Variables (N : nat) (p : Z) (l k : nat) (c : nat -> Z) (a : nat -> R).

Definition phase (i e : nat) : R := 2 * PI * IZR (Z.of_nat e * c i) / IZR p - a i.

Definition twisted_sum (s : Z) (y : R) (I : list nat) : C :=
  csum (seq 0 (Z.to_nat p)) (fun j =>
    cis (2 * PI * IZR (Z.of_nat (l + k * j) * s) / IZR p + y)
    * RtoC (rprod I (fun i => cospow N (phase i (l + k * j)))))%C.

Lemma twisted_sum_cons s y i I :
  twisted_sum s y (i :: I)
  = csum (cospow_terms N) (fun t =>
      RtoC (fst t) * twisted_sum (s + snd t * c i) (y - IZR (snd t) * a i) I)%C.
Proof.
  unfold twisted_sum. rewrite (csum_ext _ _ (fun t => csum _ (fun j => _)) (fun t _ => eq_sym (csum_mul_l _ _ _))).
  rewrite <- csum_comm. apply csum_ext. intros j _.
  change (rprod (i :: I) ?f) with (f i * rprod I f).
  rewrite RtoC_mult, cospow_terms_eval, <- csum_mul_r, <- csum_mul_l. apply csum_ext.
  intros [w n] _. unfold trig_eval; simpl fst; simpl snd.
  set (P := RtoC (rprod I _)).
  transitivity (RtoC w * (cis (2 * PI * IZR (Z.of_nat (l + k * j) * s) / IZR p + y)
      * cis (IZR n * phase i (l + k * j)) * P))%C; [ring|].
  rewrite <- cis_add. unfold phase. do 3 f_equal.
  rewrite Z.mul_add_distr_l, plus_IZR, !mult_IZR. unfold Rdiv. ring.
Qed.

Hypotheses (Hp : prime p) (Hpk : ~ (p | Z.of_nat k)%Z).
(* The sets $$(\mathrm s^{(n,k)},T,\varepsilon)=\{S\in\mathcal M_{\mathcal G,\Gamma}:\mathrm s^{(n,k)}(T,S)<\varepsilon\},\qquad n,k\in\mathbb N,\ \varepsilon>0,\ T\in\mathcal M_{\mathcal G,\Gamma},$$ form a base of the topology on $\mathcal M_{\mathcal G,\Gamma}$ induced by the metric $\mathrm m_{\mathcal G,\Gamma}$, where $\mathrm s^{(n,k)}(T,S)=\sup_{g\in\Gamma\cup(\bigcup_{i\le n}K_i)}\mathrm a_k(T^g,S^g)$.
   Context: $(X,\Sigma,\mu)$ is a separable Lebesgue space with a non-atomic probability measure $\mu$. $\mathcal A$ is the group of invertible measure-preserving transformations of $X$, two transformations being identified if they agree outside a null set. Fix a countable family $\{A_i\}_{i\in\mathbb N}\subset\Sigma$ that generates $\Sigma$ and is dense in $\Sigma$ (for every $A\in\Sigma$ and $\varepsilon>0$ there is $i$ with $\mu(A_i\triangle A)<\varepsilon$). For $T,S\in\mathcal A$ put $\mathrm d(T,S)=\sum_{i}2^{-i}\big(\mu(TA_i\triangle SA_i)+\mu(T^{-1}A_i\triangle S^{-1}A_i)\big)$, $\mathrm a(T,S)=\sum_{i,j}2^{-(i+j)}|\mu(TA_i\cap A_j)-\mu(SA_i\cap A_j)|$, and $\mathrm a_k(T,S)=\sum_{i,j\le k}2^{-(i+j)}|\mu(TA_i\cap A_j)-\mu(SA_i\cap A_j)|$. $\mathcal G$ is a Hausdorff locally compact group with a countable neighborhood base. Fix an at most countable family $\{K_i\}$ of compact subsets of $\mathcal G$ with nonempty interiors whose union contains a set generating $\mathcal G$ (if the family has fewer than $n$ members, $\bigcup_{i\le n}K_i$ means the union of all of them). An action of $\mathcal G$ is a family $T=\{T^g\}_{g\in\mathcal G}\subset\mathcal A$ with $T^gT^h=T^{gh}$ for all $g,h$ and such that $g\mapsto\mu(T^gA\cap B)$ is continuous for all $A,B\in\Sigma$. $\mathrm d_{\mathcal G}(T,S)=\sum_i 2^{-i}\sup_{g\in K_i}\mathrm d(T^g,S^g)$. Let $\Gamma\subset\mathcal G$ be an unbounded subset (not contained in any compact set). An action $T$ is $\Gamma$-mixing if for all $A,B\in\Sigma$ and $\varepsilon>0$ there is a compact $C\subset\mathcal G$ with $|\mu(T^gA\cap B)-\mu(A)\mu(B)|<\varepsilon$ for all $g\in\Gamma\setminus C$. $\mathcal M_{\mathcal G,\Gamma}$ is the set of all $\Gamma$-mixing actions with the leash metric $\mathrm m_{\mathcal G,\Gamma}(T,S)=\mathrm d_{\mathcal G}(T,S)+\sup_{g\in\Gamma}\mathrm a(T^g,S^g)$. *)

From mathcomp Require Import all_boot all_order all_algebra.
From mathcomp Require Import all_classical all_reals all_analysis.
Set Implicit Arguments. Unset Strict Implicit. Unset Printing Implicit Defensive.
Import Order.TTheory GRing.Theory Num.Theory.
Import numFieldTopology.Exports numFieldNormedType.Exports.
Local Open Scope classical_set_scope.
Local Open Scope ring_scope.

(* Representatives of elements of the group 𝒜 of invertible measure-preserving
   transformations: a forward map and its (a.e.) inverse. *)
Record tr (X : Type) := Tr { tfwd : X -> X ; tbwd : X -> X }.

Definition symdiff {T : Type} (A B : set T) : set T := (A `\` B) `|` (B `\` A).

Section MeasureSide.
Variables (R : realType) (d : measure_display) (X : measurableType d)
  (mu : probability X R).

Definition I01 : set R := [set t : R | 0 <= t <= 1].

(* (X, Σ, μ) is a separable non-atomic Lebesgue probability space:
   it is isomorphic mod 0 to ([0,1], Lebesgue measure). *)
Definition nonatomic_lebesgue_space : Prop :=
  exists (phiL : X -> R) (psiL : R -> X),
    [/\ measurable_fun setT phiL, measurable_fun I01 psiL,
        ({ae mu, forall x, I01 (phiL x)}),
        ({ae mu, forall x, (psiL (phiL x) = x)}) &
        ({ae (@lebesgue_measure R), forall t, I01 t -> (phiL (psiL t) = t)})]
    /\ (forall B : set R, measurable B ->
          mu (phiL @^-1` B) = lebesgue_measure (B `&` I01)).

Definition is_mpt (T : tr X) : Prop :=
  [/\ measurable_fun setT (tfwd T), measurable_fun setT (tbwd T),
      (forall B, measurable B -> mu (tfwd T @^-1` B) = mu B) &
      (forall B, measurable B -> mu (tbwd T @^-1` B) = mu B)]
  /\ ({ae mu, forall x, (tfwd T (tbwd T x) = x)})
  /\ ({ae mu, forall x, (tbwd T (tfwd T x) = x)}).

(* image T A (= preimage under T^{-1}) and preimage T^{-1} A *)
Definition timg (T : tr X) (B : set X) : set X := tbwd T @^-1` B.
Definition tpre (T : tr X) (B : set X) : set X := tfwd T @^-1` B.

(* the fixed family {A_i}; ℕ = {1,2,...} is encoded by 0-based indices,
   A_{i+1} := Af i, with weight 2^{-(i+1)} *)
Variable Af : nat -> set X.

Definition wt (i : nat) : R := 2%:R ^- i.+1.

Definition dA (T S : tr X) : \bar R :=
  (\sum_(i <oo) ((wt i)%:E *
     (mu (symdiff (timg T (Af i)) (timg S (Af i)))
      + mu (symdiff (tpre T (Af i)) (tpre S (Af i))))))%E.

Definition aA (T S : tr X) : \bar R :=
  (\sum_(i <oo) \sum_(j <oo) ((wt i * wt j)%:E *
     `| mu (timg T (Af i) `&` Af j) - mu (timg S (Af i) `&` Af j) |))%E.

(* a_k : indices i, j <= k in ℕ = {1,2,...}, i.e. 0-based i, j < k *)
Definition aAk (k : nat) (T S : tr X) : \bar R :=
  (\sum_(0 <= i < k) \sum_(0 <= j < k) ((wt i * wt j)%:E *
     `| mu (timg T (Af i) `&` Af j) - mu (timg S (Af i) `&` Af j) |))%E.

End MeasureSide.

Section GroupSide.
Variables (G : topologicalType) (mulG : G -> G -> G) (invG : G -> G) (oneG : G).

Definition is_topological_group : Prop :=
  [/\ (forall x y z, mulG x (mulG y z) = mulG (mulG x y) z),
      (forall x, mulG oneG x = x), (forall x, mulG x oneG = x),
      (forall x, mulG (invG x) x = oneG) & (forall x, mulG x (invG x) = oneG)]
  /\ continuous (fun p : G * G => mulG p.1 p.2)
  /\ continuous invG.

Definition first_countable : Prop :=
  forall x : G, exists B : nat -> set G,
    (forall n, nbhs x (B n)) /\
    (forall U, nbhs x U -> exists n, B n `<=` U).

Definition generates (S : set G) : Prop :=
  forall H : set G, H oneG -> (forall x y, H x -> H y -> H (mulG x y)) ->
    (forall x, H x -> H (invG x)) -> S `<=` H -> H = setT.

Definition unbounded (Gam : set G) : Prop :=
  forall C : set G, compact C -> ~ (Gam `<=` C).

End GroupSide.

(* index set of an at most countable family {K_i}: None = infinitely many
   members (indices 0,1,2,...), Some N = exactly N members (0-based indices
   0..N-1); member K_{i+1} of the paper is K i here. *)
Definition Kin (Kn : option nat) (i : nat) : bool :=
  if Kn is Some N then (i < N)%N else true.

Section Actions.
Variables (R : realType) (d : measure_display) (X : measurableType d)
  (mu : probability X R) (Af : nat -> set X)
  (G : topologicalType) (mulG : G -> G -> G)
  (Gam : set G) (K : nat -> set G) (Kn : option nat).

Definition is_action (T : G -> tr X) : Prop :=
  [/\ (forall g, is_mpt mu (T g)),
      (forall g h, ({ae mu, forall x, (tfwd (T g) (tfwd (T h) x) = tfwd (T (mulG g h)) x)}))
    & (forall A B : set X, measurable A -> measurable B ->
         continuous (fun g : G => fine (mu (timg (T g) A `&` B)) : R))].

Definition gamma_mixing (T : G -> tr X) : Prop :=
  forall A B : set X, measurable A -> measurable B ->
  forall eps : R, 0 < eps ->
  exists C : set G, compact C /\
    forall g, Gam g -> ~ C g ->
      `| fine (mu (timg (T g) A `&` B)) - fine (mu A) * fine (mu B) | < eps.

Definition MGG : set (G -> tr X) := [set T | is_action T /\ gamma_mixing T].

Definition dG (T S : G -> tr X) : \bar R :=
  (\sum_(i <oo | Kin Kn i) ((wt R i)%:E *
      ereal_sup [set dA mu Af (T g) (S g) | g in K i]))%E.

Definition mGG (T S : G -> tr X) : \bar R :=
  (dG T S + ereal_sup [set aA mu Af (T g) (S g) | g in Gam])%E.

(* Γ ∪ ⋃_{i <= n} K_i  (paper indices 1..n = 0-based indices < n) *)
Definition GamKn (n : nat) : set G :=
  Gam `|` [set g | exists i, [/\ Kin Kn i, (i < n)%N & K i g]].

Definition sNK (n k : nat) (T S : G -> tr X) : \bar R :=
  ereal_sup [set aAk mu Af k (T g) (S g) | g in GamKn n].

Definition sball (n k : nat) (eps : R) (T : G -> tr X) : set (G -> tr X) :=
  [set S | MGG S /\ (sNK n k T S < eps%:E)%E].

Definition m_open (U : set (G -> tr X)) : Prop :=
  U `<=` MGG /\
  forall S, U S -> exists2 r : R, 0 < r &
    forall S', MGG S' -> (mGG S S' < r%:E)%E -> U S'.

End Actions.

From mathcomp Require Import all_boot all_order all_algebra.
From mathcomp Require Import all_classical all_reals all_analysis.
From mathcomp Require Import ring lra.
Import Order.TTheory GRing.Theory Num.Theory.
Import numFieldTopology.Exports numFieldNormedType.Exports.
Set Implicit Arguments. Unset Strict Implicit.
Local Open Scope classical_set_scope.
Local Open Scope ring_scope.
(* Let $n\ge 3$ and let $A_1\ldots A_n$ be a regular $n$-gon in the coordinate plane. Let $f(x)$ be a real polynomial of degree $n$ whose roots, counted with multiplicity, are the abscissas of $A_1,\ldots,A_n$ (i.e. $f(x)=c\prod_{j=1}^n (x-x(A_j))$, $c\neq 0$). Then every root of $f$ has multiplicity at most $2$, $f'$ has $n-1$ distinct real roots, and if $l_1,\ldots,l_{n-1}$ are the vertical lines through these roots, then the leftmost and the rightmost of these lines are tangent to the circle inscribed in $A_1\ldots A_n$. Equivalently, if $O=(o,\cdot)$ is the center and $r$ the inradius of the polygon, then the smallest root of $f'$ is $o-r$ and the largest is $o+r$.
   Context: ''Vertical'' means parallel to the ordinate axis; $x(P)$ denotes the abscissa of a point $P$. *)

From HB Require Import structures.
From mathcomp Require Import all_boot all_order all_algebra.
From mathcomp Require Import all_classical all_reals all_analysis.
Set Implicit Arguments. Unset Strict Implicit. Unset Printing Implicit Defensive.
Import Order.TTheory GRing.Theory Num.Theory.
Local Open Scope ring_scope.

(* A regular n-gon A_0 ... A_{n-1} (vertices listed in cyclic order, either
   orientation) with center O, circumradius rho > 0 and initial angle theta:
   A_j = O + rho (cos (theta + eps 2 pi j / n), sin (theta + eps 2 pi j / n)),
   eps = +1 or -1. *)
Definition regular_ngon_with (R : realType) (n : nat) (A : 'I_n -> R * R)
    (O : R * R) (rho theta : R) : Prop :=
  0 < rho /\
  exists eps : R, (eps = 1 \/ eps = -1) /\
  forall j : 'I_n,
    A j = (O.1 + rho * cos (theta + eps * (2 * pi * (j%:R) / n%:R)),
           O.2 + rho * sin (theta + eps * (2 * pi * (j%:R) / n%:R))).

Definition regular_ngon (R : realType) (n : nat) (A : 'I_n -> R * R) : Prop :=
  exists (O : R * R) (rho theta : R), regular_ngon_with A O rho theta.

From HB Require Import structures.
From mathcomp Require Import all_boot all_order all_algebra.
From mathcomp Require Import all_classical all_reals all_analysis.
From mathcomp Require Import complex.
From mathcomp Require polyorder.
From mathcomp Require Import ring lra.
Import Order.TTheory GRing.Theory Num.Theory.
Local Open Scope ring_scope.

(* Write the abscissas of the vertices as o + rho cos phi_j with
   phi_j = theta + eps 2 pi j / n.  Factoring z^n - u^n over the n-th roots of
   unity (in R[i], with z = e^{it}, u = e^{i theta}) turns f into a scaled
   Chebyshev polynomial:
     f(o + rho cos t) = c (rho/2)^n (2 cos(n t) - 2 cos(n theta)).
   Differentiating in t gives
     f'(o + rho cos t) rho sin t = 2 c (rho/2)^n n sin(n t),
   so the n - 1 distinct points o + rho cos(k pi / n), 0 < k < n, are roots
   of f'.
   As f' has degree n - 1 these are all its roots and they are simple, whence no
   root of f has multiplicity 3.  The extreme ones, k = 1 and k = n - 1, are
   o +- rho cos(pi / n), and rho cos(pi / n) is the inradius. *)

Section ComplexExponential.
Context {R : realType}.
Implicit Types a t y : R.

- - - -

= WHAT NEEDS TO BE DONE =
What the answer needs is every line from the data above with "phase" in it.

= EXPECTED ANSWER =
Definition phase (i e : nat) : R := 2 * PI * IZR (Z.of_nat e * c i) / IZR p - a i.
    * RtoC (rprod I (fun i => cospow N (phase i (l + k * j)))))%C.
      * cis (IZR n * phase i (l + k * j)) * P))%C; [ring|].
  rewrite <- cis_add. unfold phase. do 3 f_equal.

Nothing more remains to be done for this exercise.